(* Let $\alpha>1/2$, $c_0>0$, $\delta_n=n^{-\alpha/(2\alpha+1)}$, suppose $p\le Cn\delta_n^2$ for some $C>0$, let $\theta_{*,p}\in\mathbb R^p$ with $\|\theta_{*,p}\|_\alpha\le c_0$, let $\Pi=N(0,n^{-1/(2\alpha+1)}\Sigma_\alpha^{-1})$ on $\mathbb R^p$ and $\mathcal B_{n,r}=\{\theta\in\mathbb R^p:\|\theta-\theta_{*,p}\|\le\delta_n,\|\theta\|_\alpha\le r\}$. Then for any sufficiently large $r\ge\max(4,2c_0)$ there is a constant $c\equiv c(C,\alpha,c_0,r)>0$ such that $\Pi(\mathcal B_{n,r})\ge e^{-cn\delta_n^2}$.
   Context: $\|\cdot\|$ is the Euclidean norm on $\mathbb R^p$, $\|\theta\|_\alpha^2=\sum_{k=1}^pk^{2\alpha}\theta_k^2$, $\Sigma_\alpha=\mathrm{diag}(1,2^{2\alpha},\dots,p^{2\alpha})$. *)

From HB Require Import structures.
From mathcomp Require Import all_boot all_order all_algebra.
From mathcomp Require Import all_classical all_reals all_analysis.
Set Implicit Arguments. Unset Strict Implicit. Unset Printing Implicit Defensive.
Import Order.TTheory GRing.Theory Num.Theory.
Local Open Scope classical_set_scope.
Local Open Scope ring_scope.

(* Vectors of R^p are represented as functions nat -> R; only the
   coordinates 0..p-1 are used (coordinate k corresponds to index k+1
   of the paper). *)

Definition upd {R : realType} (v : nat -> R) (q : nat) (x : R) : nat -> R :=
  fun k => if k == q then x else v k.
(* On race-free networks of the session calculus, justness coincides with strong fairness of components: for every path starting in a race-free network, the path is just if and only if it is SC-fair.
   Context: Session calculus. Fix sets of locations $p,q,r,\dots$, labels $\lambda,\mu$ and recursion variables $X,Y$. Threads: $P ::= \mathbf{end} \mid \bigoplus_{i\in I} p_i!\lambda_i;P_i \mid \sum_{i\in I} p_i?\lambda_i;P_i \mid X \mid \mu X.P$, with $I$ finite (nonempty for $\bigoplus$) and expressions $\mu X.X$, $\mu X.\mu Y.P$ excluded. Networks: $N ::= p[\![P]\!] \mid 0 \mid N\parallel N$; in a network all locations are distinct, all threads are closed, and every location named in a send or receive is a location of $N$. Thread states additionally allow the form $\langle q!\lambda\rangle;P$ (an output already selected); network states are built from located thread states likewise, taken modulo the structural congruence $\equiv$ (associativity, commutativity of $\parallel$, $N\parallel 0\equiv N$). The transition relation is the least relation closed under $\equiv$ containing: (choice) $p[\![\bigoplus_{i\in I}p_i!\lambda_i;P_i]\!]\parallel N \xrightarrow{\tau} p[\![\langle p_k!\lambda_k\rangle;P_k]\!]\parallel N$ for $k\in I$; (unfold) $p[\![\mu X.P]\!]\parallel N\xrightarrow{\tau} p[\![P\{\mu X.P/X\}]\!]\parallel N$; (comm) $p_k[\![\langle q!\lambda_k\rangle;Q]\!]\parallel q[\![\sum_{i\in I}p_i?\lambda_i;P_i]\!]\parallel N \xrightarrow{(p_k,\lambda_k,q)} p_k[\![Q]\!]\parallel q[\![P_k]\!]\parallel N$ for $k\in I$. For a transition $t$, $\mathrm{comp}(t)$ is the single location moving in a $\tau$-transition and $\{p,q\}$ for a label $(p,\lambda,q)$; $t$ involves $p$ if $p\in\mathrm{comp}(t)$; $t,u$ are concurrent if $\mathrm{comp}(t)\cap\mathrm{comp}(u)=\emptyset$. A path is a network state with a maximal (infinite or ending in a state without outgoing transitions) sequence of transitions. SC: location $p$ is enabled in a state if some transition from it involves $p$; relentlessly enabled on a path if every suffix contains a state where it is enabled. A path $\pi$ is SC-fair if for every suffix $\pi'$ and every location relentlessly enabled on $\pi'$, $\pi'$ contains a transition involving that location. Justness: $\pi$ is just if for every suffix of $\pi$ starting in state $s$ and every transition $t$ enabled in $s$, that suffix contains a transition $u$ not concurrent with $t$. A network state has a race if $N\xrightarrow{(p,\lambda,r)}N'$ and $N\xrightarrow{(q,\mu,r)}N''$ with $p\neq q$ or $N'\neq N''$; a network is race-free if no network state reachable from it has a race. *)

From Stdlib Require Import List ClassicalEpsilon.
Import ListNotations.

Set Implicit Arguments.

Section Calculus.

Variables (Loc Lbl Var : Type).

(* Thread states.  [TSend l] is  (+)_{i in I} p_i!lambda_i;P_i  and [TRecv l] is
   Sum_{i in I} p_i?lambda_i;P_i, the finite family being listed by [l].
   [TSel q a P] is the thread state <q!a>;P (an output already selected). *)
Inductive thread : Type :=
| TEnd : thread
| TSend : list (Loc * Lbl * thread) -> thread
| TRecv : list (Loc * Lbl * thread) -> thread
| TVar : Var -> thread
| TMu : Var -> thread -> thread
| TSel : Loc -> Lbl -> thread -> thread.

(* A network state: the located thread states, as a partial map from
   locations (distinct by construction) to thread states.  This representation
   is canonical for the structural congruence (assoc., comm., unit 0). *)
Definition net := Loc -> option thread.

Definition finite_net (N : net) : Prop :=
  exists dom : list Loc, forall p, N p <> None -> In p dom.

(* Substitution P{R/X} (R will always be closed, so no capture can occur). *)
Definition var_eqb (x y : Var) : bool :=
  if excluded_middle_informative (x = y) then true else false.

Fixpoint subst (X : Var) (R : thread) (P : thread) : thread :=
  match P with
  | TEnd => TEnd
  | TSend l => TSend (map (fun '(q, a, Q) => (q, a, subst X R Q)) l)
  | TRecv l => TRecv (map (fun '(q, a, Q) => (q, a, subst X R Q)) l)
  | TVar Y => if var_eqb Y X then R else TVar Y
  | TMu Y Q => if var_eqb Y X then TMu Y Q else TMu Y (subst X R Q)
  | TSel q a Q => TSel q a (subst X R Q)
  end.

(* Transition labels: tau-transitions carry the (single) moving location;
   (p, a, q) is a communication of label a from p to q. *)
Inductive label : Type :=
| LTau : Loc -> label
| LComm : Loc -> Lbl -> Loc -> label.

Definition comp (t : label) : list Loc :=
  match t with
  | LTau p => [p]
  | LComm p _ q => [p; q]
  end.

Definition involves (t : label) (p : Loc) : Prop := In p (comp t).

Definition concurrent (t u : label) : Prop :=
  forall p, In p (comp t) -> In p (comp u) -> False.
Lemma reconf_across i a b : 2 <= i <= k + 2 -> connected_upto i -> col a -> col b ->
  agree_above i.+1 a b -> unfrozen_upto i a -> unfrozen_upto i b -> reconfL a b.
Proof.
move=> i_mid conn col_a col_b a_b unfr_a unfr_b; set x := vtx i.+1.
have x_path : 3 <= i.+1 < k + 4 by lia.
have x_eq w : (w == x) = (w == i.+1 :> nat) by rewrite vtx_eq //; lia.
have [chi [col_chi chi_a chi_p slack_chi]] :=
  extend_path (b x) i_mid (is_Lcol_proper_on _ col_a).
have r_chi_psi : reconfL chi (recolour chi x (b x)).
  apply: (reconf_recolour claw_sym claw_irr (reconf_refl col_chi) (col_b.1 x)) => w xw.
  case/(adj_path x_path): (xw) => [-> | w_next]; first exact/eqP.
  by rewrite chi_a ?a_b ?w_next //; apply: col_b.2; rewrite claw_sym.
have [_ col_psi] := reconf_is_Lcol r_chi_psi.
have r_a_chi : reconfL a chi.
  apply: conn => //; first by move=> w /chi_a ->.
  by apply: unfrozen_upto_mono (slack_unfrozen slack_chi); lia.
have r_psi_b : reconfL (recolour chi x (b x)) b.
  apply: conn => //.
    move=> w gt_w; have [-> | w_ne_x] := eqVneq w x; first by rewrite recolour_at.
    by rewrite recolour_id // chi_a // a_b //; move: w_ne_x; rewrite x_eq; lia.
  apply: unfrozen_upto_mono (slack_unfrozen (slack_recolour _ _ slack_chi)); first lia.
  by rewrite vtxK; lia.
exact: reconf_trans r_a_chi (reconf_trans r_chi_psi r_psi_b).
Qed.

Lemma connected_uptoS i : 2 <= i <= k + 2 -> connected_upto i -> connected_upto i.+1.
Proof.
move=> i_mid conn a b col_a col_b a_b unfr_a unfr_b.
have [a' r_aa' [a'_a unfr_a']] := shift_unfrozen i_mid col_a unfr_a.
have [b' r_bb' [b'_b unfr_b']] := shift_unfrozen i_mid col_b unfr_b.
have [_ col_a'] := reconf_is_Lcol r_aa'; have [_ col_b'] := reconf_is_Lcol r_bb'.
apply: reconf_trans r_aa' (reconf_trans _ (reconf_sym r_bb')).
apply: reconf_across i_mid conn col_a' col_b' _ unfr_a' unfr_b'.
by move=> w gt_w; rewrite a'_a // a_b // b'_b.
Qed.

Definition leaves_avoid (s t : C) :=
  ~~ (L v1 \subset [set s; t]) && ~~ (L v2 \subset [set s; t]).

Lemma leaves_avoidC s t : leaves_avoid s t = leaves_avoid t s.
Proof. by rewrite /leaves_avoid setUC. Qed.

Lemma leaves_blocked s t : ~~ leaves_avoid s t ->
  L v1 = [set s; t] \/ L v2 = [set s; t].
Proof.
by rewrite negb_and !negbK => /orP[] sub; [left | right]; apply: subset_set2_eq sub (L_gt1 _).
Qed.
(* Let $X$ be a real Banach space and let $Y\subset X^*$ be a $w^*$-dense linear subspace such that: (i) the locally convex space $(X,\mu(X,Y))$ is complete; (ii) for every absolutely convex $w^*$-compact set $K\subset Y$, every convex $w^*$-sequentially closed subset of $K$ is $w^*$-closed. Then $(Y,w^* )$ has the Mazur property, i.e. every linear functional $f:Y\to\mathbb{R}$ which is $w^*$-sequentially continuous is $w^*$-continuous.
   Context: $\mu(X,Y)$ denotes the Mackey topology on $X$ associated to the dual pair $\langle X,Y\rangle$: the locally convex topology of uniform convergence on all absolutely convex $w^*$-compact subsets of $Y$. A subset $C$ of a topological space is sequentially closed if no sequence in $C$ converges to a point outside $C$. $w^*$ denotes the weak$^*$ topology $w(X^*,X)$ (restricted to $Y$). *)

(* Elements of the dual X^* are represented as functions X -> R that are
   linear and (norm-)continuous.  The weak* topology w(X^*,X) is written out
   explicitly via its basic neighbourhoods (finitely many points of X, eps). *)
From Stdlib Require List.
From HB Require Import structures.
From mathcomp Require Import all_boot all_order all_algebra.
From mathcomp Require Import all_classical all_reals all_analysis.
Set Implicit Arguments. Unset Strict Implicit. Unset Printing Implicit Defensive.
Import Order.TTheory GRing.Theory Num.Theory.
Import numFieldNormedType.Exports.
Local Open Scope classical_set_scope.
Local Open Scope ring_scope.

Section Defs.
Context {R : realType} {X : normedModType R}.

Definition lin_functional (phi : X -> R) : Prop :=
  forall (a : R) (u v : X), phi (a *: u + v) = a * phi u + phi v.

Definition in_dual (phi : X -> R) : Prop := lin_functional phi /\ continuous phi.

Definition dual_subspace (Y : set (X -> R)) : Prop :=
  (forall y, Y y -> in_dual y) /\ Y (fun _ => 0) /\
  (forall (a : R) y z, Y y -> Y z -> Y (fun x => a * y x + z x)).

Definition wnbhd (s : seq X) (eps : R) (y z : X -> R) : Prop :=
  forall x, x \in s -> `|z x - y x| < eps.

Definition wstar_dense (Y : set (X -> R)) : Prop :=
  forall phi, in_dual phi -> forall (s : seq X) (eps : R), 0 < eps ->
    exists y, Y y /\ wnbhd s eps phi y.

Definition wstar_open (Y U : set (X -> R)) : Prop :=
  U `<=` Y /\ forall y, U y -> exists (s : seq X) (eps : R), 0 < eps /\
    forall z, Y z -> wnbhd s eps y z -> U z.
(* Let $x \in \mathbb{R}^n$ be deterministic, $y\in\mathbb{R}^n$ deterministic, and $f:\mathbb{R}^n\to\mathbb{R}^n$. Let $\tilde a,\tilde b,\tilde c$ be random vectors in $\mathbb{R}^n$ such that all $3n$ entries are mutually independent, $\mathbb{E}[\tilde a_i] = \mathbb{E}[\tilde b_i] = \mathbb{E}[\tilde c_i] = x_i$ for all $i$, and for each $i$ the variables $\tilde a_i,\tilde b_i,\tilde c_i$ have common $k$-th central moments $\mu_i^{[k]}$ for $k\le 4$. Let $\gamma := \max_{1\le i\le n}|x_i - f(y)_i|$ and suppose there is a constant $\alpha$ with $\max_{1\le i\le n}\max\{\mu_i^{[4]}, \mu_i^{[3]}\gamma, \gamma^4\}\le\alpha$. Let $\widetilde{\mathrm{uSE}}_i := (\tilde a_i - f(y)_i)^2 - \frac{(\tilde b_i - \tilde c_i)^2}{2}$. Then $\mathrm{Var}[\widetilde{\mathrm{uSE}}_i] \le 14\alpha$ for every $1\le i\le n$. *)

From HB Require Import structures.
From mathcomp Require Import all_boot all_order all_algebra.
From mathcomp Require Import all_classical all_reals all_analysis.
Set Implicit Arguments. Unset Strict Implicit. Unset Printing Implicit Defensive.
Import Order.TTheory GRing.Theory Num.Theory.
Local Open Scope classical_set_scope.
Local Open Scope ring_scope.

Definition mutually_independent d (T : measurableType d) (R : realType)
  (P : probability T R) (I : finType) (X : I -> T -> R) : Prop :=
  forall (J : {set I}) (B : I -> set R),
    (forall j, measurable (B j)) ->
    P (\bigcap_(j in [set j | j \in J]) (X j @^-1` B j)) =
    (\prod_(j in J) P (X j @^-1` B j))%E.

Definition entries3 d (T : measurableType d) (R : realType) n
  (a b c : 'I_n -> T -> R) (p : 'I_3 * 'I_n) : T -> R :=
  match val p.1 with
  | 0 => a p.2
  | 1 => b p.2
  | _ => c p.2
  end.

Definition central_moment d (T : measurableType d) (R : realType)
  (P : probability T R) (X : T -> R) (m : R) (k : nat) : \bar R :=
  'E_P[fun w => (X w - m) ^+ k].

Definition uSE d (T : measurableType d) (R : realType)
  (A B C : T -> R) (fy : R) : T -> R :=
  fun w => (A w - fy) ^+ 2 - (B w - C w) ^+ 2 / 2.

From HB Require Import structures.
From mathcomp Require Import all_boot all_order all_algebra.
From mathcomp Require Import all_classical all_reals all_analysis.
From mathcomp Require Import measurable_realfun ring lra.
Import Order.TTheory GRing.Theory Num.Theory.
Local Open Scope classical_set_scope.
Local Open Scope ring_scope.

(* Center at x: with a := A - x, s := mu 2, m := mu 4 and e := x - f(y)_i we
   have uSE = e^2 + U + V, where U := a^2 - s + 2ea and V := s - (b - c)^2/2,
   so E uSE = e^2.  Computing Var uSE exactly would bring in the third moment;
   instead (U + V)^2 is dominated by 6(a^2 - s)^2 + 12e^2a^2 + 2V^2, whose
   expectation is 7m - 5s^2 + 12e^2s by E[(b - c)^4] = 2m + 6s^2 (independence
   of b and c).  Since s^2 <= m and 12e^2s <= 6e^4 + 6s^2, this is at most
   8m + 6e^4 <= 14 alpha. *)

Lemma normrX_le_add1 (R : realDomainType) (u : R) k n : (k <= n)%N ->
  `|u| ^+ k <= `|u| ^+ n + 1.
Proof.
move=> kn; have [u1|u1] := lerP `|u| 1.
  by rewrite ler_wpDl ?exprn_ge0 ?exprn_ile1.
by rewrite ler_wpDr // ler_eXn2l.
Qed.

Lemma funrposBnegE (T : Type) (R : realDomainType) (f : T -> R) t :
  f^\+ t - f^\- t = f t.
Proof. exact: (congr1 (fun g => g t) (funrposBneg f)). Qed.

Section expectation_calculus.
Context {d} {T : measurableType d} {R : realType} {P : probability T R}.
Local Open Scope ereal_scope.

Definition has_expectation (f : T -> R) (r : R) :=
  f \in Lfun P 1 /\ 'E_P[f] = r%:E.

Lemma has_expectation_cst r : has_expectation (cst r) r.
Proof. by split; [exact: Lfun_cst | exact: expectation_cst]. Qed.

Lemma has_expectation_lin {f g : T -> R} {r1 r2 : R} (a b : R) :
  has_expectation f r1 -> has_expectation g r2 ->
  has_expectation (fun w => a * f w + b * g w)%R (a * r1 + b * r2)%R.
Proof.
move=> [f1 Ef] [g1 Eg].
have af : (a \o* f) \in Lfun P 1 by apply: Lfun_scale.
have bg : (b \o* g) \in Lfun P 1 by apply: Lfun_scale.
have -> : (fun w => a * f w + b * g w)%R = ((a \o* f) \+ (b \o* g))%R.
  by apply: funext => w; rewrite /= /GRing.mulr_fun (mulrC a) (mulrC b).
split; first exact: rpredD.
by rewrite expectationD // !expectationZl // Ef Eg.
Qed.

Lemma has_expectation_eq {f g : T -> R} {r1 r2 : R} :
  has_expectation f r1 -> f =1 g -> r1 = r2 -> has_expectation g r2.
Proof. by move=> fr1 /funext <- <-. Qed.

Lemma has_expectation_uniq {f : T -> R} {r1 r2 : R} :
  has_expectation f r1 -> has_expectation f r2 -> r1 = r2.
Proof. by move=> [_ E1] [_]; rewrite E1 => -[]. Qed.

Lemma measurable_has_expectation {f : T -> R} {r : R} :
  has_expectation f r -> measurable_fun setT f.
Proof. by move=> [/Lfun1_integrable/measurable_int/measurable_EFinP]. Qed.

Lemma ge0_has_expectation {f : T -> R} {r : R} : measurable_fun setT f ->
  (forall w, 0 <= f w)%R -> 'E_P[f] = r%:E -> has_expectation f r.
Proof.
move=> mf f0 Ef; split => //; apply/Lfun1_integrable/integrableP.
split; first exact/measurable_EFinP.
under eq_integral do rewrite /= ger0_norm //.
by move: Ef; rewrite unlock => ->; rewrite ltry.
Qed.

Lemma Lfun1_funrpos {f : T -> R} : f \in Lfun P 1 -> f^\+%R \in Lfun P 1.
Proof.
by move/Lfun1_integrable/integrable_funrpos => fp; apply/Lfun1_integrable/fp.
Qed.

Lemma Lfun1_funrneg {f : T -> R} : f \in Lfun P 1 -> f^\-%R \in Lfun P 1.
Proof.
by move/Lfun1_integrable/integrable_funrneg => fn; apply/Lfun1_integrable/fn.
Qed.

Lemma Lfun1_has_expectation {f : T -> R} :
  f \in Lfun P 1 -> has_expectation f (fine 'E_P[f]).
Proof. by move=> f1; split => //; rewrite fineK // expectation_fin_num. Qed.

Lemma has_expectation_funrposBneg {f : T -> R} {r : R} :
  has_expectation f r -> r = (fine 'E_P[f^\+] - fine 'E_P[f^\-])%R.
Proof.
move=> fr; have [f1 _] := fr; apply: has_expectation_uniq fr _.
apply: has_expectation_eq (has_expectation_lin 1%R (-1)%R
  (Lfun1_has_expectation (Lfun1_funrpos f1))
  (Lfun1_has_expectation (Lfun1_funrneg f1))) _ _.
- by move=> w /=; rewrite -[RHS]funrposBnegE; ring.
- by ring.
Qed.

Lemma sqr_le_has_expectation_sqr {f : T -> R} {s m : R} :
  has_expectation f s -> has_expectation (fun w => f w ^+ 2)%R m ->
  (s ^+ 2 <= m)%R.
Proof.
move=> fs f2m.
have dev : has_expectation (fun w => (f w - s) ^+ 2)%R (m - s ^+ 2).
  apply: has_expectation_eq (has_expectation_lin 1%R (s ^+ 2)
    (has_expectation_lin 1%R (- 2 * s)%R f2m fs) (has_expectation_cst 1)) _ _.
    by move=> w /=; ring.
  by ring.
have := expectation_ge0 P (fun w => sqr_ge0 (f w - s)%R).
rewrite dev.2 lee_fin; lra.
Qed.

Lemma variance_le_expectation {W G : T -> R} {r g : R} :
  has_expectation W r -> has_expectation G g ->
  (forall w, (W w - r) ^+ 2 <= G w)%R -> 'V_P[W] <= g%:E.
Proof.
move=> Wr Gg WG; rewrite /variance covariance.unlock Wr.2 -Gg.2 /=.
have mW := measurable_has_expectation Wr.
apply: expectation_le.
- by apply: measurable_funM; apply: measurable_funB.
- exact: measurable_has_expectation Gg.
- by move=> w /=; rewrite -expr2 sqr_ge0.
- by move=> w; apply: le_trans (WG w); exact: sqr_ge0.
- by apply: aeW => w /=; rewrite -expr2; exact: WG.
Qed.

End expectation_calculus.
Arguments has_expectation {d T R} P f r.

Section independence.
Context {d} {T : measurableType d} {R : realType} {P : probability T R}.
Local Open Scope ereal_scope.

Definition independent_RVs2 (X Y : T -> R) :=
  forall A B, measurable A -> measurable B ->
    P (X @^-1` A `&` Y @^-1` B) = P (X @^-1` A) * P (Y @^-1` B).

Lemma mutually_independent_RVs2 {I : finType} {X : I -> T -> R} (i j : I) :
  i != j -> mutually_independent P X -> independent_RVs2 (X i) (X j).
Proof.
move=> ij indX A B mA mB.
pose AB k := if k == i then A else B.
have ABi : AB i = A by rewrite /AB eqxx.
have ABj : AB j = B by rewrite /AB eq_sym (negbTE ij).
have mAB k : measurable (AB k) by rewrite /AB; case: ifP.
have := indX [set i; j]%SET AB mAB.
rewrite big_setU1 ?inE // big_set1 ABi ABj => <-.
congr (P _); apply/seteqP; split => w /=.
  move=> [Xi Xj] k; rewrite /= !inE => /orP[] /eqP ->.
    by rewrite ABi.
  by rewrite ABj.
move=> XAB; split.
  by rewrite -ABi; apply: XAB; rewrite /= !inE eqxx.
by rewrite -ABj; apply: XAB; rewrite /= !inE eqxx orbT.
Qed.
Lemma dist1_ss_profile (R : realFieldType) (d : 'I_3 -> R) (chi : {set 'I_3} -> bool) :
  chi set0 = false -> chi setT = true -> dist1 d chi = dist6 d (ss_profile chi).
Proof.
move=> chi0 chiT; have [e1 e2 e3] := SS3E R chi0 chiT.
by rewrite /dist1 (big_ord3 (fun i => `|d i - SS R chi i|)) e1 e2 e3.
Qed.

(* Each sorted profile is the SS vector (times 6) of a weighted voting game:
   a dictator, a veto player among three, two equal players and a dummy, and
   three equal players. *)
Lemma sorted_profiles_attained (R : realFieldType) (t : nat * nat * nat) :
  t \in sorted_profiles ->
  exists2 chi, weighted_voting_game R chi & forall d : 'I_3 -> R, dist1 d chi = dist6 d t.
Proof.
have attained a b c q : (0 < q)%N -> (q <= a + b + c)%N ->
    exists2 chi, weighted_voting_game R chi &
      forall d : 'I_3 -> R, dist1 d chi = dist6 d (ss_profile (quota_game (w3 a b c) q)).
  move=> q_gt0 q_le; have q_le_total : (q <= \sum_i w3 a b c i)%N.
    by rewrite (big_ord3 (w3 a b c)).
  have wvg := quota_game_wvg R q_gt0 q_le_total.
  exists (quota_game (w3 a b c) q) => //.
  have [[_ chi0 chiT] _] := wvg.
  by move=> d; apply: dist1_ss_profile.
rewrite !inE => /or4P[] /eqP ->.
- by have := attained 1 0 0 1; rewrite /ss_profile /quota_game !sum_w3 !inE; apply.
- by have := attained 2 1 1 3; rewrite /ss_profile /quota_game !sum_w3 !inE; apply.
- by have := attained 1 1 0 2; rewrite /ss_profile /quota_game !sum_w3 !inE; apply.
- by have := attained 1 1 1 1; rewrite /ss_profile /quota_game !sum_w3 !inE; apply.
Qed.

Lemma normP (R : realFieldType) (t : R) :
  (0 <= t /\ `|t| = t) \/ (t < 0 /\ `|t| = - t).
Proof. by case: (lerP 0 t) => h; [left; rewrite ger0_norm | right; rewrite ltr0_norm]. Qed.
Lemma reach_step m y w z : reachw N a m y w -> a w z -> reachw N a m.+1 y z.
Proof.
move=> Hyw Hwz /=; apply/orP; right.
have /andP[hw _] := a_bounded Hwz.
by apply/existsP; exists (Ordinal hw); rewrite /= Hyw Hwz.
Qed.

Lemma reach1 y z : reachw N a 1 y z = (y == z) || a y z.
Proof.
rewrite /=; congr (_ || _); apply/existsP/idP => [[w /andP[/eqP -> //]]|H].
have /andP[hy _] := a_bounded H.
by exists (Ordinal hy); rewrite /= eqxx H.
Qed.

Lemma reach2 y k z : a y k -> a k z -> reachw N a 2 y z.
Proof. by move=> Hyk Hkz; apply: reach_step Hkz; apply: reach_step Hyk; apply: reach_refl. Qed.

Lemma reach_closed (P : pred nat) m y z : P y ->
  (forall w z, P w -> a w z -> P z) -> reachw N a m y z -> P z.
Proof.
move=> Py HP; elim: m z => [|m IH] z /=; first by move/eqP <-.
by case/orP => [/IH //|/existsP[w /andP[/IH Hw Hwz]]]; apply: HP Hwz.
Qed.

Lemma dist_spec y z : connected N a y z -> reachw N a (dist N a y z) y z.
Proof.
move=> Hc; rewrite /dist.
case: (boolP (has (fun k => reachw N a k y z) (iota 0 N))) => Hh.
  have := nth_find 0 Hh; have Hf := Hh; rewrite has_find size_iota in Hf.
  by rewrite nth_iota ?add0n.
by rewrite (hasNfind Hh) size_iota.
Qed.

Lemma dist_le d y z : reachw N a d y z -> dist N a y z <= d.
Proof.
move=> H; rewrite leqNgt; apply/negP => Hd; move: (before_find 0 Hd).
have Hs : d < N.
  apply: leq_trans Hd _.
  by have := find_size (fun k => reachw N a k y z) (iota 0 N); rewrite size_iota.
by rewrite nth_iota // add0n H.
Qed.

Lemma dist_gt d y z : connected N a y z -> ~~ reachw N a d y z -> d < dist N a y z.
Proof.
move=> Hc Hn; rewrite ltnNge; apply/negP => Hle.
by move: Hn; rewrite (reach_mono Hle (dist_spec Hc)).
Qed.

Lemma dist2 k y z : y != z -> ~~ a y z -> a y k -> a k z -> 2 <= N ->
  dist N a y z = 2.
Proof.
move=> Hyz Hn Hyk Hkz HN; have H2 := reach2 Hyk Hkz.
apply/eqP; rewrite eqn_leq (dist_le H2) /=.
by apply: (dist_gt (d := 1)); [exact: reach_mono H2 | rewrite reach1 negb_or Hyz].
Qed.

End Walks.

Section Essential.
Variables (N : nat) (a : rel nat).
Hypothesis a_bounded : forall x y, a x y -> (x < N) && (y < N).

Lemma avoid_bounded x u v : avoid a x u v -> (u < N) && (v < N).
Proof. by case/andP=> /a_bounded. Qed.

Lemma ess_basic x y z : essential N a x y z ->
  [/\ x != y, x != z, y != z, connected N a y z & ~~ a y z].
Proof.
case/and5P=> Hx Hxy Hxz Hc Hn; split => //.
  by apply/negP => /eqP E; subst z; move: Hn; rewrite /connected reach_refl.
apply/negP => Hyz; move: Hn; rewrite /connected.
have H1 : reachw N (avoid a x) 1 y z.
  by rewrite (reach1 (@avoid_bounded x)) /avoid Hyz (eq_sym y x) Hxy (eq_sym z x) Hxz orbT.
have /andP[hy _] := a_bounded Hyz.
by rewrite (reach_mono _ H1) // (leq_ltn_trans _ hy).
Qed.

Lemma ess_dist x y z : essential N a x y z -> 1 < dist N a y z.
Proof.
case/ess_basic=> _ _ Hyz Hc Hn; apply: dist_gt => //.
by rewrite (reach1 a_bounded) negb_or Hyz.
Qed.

________________

## The problem
Give the number of lines in the records where the word "linear" occurs, and add nothing.

## Solution below
2